What should be done now?

linkage: http://www.time.com/time/asia/covers/501050221/nk_vpt.html
 

Railroad

Routinely Derailed
Very interesting, coming from a major liberal publication. I suppose if our current administration agrees with the regime change approach, then Time will flip-flop and say we're trying to force ourselves illegally on a nation of poor innocent women and children. Then the liberals will crank ole Teddy up and have him talk about how our hard-earned taxpayer's dollars are being wasted on an illegal intervention in the affairs of a sovereign nation. MPR and Scientific American will do special programs on how cruel, ill-conceived, and false our approach is to the Korean problem. They will say our motivation is rice and balsa wood (or whatever they export from there).
 
B

Bruzilla

Guest
I think there's a good precedent for this situation, and that would be East and West Germany. They were in much the same boat as the ROK and PROK. East Germany collapsed when it's communistic economy lost financial support from the USSR. The East Germans knew how well the folks in the West had things, and that envy eroded the regime from within. All they needed was for the "feeding tube" to be cut off.

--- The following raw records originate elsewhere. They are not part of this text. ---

(* Consider binary treatments $A\in\{0,1\}$, observed confounders $X\in\mathcal{X}$, unobserved confounders $U\in\mathcal{U}$, and outcomes $Y\in\mathcal{Y}$, and a fixed observational distribution $\mathbb{P}_\mathrm{obs}$ of $(X,A,Y)$. Let $\Gamma$ be a sensitivity parameter. For full distributions $\mathbb{P}$ of $(X,U,A,Y)$, write $\mathbb{P}(a\mid x)$ for the observed treatment probability and define $$\rho(x,u,a)=\frac{1}{1-\mathbb{P}(a\mid x)}\left(\frac{\mathbb{P}(u\mid x)}{\mathbb{P}(u\mid x,a)}-\mathbb{P}(a\mid x)\right),$$ $$\rho(x,u_1,u_2,a)=\frac{\mathbb{P}(u_1\mid x,a)\mathbb{P}(u_2\mid x)-\mathbb{P}(u_1\mid x,a)\mathbb{P}(u_2\mid x,a)\mathbb{P}(a\mid x)}{\mathbb{P}(u_2\mid x,a)\mathbb{P}(u_1\mid x)-\mathbb{P}(u_1\mid x,a)\mathbb{P}(u_2\mid x,a)\mathbb{P}(a\mid x)}.$$ Then the marginal sensitivity model (MSM), every $f$-sensitivity model, and Rosenbaum's sensitivity model, each with sensitivity parameter $\Gamma$, are generalized treatment sensitivity models (GTSMs) with sensitivity parameter $\Gamma$, namely with the following functionals: (i) MSM: $\mathcal{D}_{x,a}(\mathbb{P}(U\mid x),\mathbb{P}(U\mid x,a))=\max\{\sup_{u\in\mathcal{U}}\rho(x,u,a),\ \sup_{u\in\mathcal{U}}\rho(x,u,a)^{-1}\}$; (ii) $f$-sensitivity model: $\mathcal{D}_{x,a}(\mathbb{P}(U\mid x),\mathbb{P}(U\mid x,a))=\max\{\int_\mathcal{U} f(\rho(x,u,a))\,\mathbb{P}(u\mid x,a)\,du,\ \int_\mathcal{U} f(\rho(x,u,a)^{-1})\,\mathbb{P}(u\mid x,a)\,du\}$; (iii) Rosenbaum's model: $\mathcal{D}_{x,a}(\mathbb{P}(U\mid x),\mathbb{P}(U\mid x,a))=\max\{\sup_{u_1,u_2\in\mathcal{U}}\rho(x,u_1,u_2,a),\ \sup_{u_1,u_2\in\mathcal{U}}\rho(x,u_1,u_2,a)^{-1}\}$.
   Context: A sensitivity model $\mathcal{M}$ is a family of probability distributions $\mathbb{P}$ on $\mathcal{X}\times\mathcal{U}\times\mathcal{A}\times\mathcal{Y}$ (for arbitrary finite-dimensional $\mathcal{U}$) with $\int_\mathcal{U}\mathbb{P}(x,u,a,y)\,du=\mathbb{P}_\mathrm{obs}(x,a,y)$ for all $\mathbb{P}\in\mathcal{M}$. A GTSM is a sensitivity model containing all $\mathbb{P}$ satisfying $\mathcal{D}_{x,a}(\mathbb{P}(U\mid x),\mathbb{P}(U\mid x,a))\le\Gamma$ for all $x\in\mathcal{X}$, $a\in\mathcal{A}$, where $\mathcal{D}_{x,a}$ is a functional of distributions and $\Gamma\ge0$. Let $\mathrm{OR}(a,b)=\frac{a}{1-a}\frac{1-b}{b}$, $\pi(x)=\mathbb{P}(A=1\mid x)$, $\pi(x,u)=\mathbb{P}(A=1\mid x,u)$. The MSM with parameter $\Gamma\ge1$ is the family of all $\mathbb{P}$ (compatible with $\mathbb{P}_\mathrm{obs}$) with $1/\Gamma\le\mathrm{OR}(\pi(x),\pi(x,u))\le\Gamma$ for all $x,u$. For a convex $f:\mathbb{R}_{>0}\to\mathbb{R}$ with $f(1)=0$, the $f$-sensitivity model is the family of all $\mathbb{P}$ with $\max\{\int_\mathcal{U} f(\mathrm{OR}(\pi(x),\pi(x,u)))\mathbb{P}(u\mid x,A=1)du,\ \int_\mathcal{U} f(\mathrm{OR}^{-1}(\pi(x),\pi(x,u)))\mathbb{P}(u\mid x,A=1)du\}\le\Gamma$ for all $x$. Rosenbaum's sensitivity model is the family of all $\mathbb{P}$ with $1/\Gamma\le\mathrm{OR}(\pi(x,u_1),\pi(x,u_2))\le\Gamma$ for all $x,u_1,u_2$. Densities are with respect to Lebesgue measure (or probability mass functions for discrete variables). *)

From HB Require Import structures.
From mathcomp Require Import all_boot all_order all_algebra.
From mathcomp Require Import all_classical all_reals all_analysis.
Set Implicit Arguments. Unset Strict Implicit. Unset Printing Implicit Defensive.
Import Order.TTheory GRing.Theory Num.Theory.
Local Open Scope classical_set_scope.
Local Open Scope ring_scope.

Definition OR {R : realType} (a b : R) : R := a / (1 - a) * ((1 - b) / b).

Definition convex_pos {R : realType} (f : R -> R) : Prop :=
  forall x y t : R, 0 < x -> 0 < y -> 0 <= t <= 1 ->
    f (t * x + (1 - t) * y) <= t * f x + (1 - t) * f y.

Section Sensitivity.
Variables (R : realType) (X : Type).
Variables (dU : measure_display) (U : measurableType dU) (muU : {measure set U -> \bar R}).
Variables (dY : measure_display) (Y : measurableType dY) (muY : {measure set Y -> \bar R}).
(* observational density P_obs(x,a,y), a = true means A = 1 *)
Variable pobs : X -> bool -> Y -> R.

Definition dobsXA (x : X) (a : bool) : R := fine (\int[muY]_y (pobs x a y)%:E)%E.
Definition dobsX (x : X) : R := dobsXA x true + dobsXA x false.
Definition condA (x : X) (a : bool) : R := dobsXA x a / dobsX x.
Definition piX (x : X) : R := condA x true.

Definition full_density := X -> U -> bool -> Y -> R.

Definition dXUA (p : full_density) x u a : R := fine (\int[muY]_y (p x u a y)%:E)%E.
Definition dXU (p : full_density) x u : R := dXUA p x u true + dXUA p x u false.
Definition condU (p : full_density) x u : R := dXU p x u / dobsX x.
Definition condUA (p : full_density) x u a : R := dXUA p x u a / dobsXA x a.
Definition piXU (p : full_density) x u : R := dXUA p x u true / dXU p x u.

(* Admissible full distributions compatible with P_obs:
   nonnegative measurable density whose U-marginal is P_obs, and with
   strictly positive (hence finite) joint densities P(x,u,a), so that all
   conditional densities and odds ratios in the paper are well defined. *)
Definition compatible (p : full_density) : Prop :=
  [/\ forall x u a y, 0 <= p x u a y,
      forall x a y, measurable_fun setT (fun u => p x u a y),
      forall x u a, measurable_fun setT (fun y => p x u a y),
      forall x a y, (\int[muU]_u (p x u a y)%:E = (pobs x a y)%:E)%E
    & forall x u a, 0 < dXUA p x u a].

Definition sensitivity_model := set full_density.

Definition is_GTSM (M : sensitivity_model)
    (D : full_density -> X -> bool -> \bar R) (Gamma : R) : Prop :=
  (forall p, M p -> compatible p) /\
  [set p | compatible p /\ forall x a, (D p x a <= Gamma%:E)%E] `<=` M.

Definition MSM (Gamma : R) : sensitivity_model :=
  [set p | compatible p /\ forall x u,
     Gamma^-1 <= OR (piX x) (piXU p x u) <= Gamma].

Definition f_model (f : R -> R) (Gamma : R) : sensitivity_model :=
  [set p | compatible p /\ forall x,
     (maxe (\int[muU]_u (f (OR (piX x) (piXU p x u)) * condUA p x u true)%:E)
           (\int[muU]_u (f ((OR (piX x) (piXU p x u))^-1) * condUA p x u true)%:E)
      <= Gamma%:E)%E].

Definition rosenbaum (Gamma : R) : sensitivity_model :=
  [set p | compatible p /\ forall x u1 u2,
     Gamma^-1 <= OR (piXU p x u1) (piXU p x u2) <= Gamma].

Definition rho1 (p : full_density) x u a : R :=
  (1 - condA x a)^-1 * (condU p x u / condUA p x u a - condA x a).

Definition rho2 (p : full_density) x u1 u2 a : R :=
  (condUA p x u1 a * condU p x u2 - condUA p x u1 a * condUA p x u2 a * condA x a) /
  (condUA p x u2 a * condU p x u1 - condUA p x u1 a * condUA p x u2 a * condA x a).

Definition D_MSM (p : full_density) x a : \bar R :=
  maxe (ereal_sup [set (rho1 p x u a)%:E | u in [set: U]])
       (ereal_sup [set ((rho1 p x u a)^-1)%:E | u in [set: U]]).

Definition D_f (f : R -> R) (p : full_density) x a : \bar R :=
  maxe (\int[muU]_u (f (rho1 p x u a) * condUA p x u a)%:E)%E
       (\int[muU]_u (f ((rho1 p x u a)^-1) * condUA p x u a)%:E)%E.

Definition D_rosenbaum (p : full_density) x a : \bar R :=
  maxe (ereal_sup [set (rho2 p x uu.1 uu.2 a)%:E | uu in [set: U * U]])
       (ereal_sup [set ((rho2 p x uu.1 uu.2 a)^-1)%:E | uu in [set: U * U]]).

End Sensitivity.

From HB Require Import structures.
From mathcomp Require Import all_boot all_order all_algebra.
From mathcomp Require Import all_classical all_reals all_analysis.
From mathcomp Require Import ring.
Import Order.TTheory GRing.Theory Num.Theory.
Local Open Scope classical_set_scope.
Local Open Scope ring_scope.

(* For treatment a = 1 both functionals rho are odds ratios: writing every
   conditional density through the joint densities P(x,a) and P(x,u,a),
   rho(x,u,1) and OR(pi(x), pi(x,u)) both equal
   P(x,1) P(x,u,0) / (P(x,0) P(x,u,1)), and rho(x,u1,u2,1) and
   OR(pi(x,u1), pi(x,u2)) both equal P(x,u1,1) P(x,u2,0) / (P(x,u1,0) P(x,u2,1)).
   Hence the constraint D_{x,1} <= Gamma already implies the defining
   constraint of each model: a positive quantity whose supremum and whose
   inverse's supremum are both at most Gamma lies in [1/Gamma, Gamma], and the
   f-model constraint is D_{x,1} <= Gamma verbatim. *)

Section OddsRatioAlgebra.
Variable R : realFieldType.

Lemma rho1_ratio (A B a b : R) : 0 < A -> 0 < B -> 0 < a -> 0 < b ->
  (1 - A / (A + B))^-1 * ((a + b) / (A + B) / (a / A) - A / (A + B))
  = A * b / (B * a).
Proof.
move=> A_gt0 B_gt0 a_gt0 b_gt0.
have AB_neq0 : A + B != 0 by rewrite gt_eqF // addr_gt0.
have -> : 1 - A / (A + B) = B / (A + B) by field.
by field; rewrite AB_neq0 ?lt0r_neq0.
Qed.

Lemma rho2_ratio (A B a1 b1 a2 b2 : R) : 0 < A -> 0 < B ->
  0 < a1 -> 0 < b1 -> 0 < a2 -> 0 < b2 ->
  (a1 / A * ((a2 + b2) / (A + B)) - a1 / A * (a2 / A) * (A / (A + B))) /
  (a2 / A * ((a1 + b1) / (A + B)) - a1 / A * (a2 / A) * (A / (A + B)))
  = a1 * b2 / (b1 * a2).
Proof.
move=> A_gt0 B_gt0 a1_gt0 b1_gt0 a2_gt0 b2_gt0.
have AB_neq0 : A + B != 0 by rewrite gt_eqF // addr_gt0.
have A_neq0 : A != 0 by rewrite gt_eqF.
have -> : a1 / A * ((a2 + b2) / (A + B)) - a1 / A * (a2 / A) * (A / (A + B))
          = a1 * b2 / (A * (A + B)) by field; rewrite AB_neq0 A_neq0.
have -> : a2 / A * ((a1 + b1) / (A + B)) - a1 / A * (a2 / A) * (A / (A + B))
          = a2 * b1 / (A * (A + B)) by field; rewrite AB_neq0 A_neq0.
by field; rewrite AB_neq0 ?lt0r_neq0.
Qed.

End OddsRatioAlgebra.

Lemma OR_ratio (R : realType) (A B a b : R) : 0 < A -> 0 < B -> 0 < a -> 0 < b ->
  OR (A / (A + B)) (a / (a + b)) = A * b / (B * a).
Proof.
move=> A_gt0 B_gt0 a_gt0 b_gt0.
have AB_neq0 : A + B != 0 by rewrite gt_eqF // addr_gt0.
have ab_neq0 : a + b != 0 by rewrite gt_eqF // addr_gt0.
rewrite /OR.
have -> : 1 - A / (A + B) = B / (A + B) by field.
have -> : 1 - a / (a + b) = b / (a + b) by field.
by field; rewrite AB_neq0 ab_neq0 ?lt0r_neq0.
Qed.

Lemma max_sup_le_bounds {R : realType} {T : Type} {g : T -> R} {G : R} :
  (forall t, 0 < g t) ->
  (maxe (ereal_sup [set (g t)%:E | t in [set: T]])
        (ereal_sup [set ((g t)^-1)%:E | t in [set: T]]) <= G%:E)%E ->
  forall t, G^-1 <= g t <= G.
Proof.
move=> g_gt0; rewrite ge_max => /andP[sup_le inv_sup_le] t.
have le_sup (h : T -> R) : ((h t)%:E <= ereal_sup [set (h s)%:E | s in [set: T]])%E.
  by apply: ereal_sup_ubound; exists t.
have gt_le : g t <= G by rewrite -lee_fin (le_trans (le_sup g) sup_le).
have inv_gt_le : (g t)^-1 <= G.
  by rewrite -lee_fin (le_trans (le_sup (fun s => (g s)^-1)) inv_sup_le).
have G_gt0 : 0 < G by apply: lt_le_trans gt_le.
by rewrite gt_le andbT -(invrK (g t)) lef_pV2 ?posrE ?invr_gt0.
Qed.

Section SensitivityModels.
Variables (R : realType) (X : Type).
Variables (dU : measure_display) (U : measurableType dU) (muU : {measure set U -> \bar R}).
Variables (dY : measure_display) (Y : measurableType dY) (muY : {measure set Y -> \bar R}).
Variable pobs : X -> bool -> Y -> R.
Hypothesis overlap : forall x a, 0 < dobsXA muY pobs x a.

Section OddsRatioForm.
Variable p : full_density R X U Y.
Hypothesis p_compatible : compatible muU muY pobs p.

Let dXUA_gt0 x u a : 0 < dXUA muY p x u a.
Proof. by case: p_compatible. Qed.

Lemma OR_piX_piXU x u :
  OR (piX muY pobs x) (piXU muY p x u) =
  dobsXA muY pobs x true * dXUA muY p x u false /
  (dobsXA muY pobs x false * dXUA muY p x u true).
Proof. by rewrite /piX /condA /dobsX /piXU /dXU OR_ratio. Qed.

Lemma OR_piXU x u1 u2 :
  OR (piXU muY p x u1) (piXU muY p x u2) =
  dXUA muY p x u1 true * dXUA muY p x u2 false /
  (dXUA muY p x u1 false * dXUA muY p x u2 true).
Proof. by rewrite /piXU /dXU OR_ratio. Qed.

Lemma rho1_OR x u : rho1 muY pobs p x u true = OR (piX muY pobs x) (piXU muY p x u).
Proof. by rewrite OR_piX_piXU /rho1 /condA /condU /condUA /dobsX /dXU rho1_ratio. Qed.

Lemma rho2_OR x u1 u2 :
  rho2 muY pobs p x u1 u2 true = OR (piXU muY p x u1) (piXU muY p x u2).
Proof. by rewrite OR_piXU /rho2 /condA /condU /condUA /dobsX /dXU rho2_ratio. Qed.

Lemma rho1_gt0 x u : 0 < rho1 muY pobs p x u true.
Proof. by rewrite rho1_OR OR_piX_piXU divr_gt0 ?mulr_gt0. Qed.

Lemma rho2_gt0 x u1 u2 : 0 < rho2 muY pobs p x u1 u2 true.
Proof. by rewrite rho2_OR OR_piXU divr_gt0 ?mulr_gt0. Qed.

Lemma D_MSM_le_MSM_bounds (Gamma : R) x :
  (D_MSM muY pobs p x true <= Gamma%:E)%E ->
  forall u, Gamma^-1 <= OR (piX muY pobs x) (piXU muY p x u) <= Gamma.
Proof.
by move=> /(max_sup_le_bounds (rho1_gt0 x)) bounds u; rewrite -rho1_OR.
Qed.

Lemma D_rosenbaum_le_rosenbaum_bounds (Gamma : R) x :
  (D_rosenbaum muY pobs p x true <= Gamma%:E)%E ->
  forall u1 u2, Gamma^-1 <= OR (piXU muY p x u1) (piXU muY p x u2) <= Gamma.
Proof.
move=> /(max_sup_le_bounds (fun uu => rho2_gt0 x uu.1 uu.2)) bounds u1 u2.
by rewrite -rho2_OR; exact: bounds (u1, u2).
Qed.

Lemma D_f_true (f : R -> R) x :
  (D_f muU muY pobs f p x true =
   maxe (\int[muU]_u (f (OR (piX muY pobs x) (piXU muY p x u))
                       * condUA muY pobs p x u true)%:E)
        (\int[muU]_u (f ((OR (piX muY pobs x) (piXU muY p x u))^-1)
                       * condUA muY pobs p x u true)%:E))%E.
Proof. by rewrite /D_f; congr maxe; apply: eq_integral => u _; rewrite rho1_OR. Qed.

End OddsRatioForm.

Lemma MSM_is_GTSM Gamma :
  is_GTSM muU muY pobs (MSM muU muY pobs Gamma) (D_MSM muY pobs) Gamma.
Proof.
split=> [p [] // | p [p_compatible D_le]]; split=> // x.
exact: D_MSM_le_MSM_bounds p_compatible _ _ (D_le x true).
Qed.

Lemma f_model_is_GTSM f Gamma :
  is_GTSM muU muY pobs (f_model muU muY pobs f Gamma) (D_f muU muY pobs f) Gamma.
Proof.
split=> [p [] // | p [p_compatible D_le]]; split=> // x.
by rewrite -(D_f_true _ p_compatible); exact: D_le x true.
Qed.

Lemma rosenbaum_is_GTSM Gamma :
  is_GTSM muU muY pobs (rosenbaum muU muY pobs Gamma) (D_rosenbaum muY pobs) Gamma.
Proof.
split=> [p [] // | p [p_compatible D_le]]; split=> // x.
exact: D_rosenbaum_le_rosenbaum_bounds p_compatible _ _ (D_le x true).
Qed.

End SensitivityModels.

Theorem lemma1 (R : realType) (X : Type)
  (dU : measure_display) (U : measurableType dU) (muU : {measure set U -> \bar R})
  (dY : measure_display) (Y : measurableType dY) (muY : {measure set Y -> \bar R})
  (pobs : X -> bool -> Y -> R)
  (pobs_ge0 : forall x a y, 0 <= pobs x a y)
  (overlap : forall x a, 0 < dobsXA muY pobs x a)
  (Gamma : R) :
  (1 <= Gamma ->
     is_GTSM muU muY pobs (MSM muU muY pobs Gamma) (D_MSM muY pobs) Gamma) /\
  (forall f : R -> R, convex_pos f -> f 1 = 0 -> 0 <= Gamma ->
     is_GTSM muU muY pobs (f_model muU muY pobs f Gamma) (D_f muU muY pobs f) Gamma) /\
  (1 <= Gamma ->
     is_GTSM muU muY pobs (rosenbaum muU muY pobs Gamma) (D_rosenbaum muY pobs) Gamma).
Proof.
split; [by move=> _; apply: MSM_is_GTSM |].
split; [by move=> f _ _ _; apply: f_model_is_GTSM |].
by move=> _; apply: rosenbaum_is_GTSM.
Qed.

If China would stop propping up the PROK it would fail in the same way.
 

Railroad

Routinely Derailed
Bruzilla said:
I think there's a good precedent for this situation, and that would be East and West Germany. They were in much the same boat as the ROK and PROK. East Germany collapsed when it's communistic economy lost financial support from the USSR. The East Germans knew how well the folks in the West had things, and that envy eroded the regime from within. All they needed was for the "feeding tube" to be cut off.

If China would stop propping up the PROK it would fail in the same way.
Good thoughts all! One can only hope.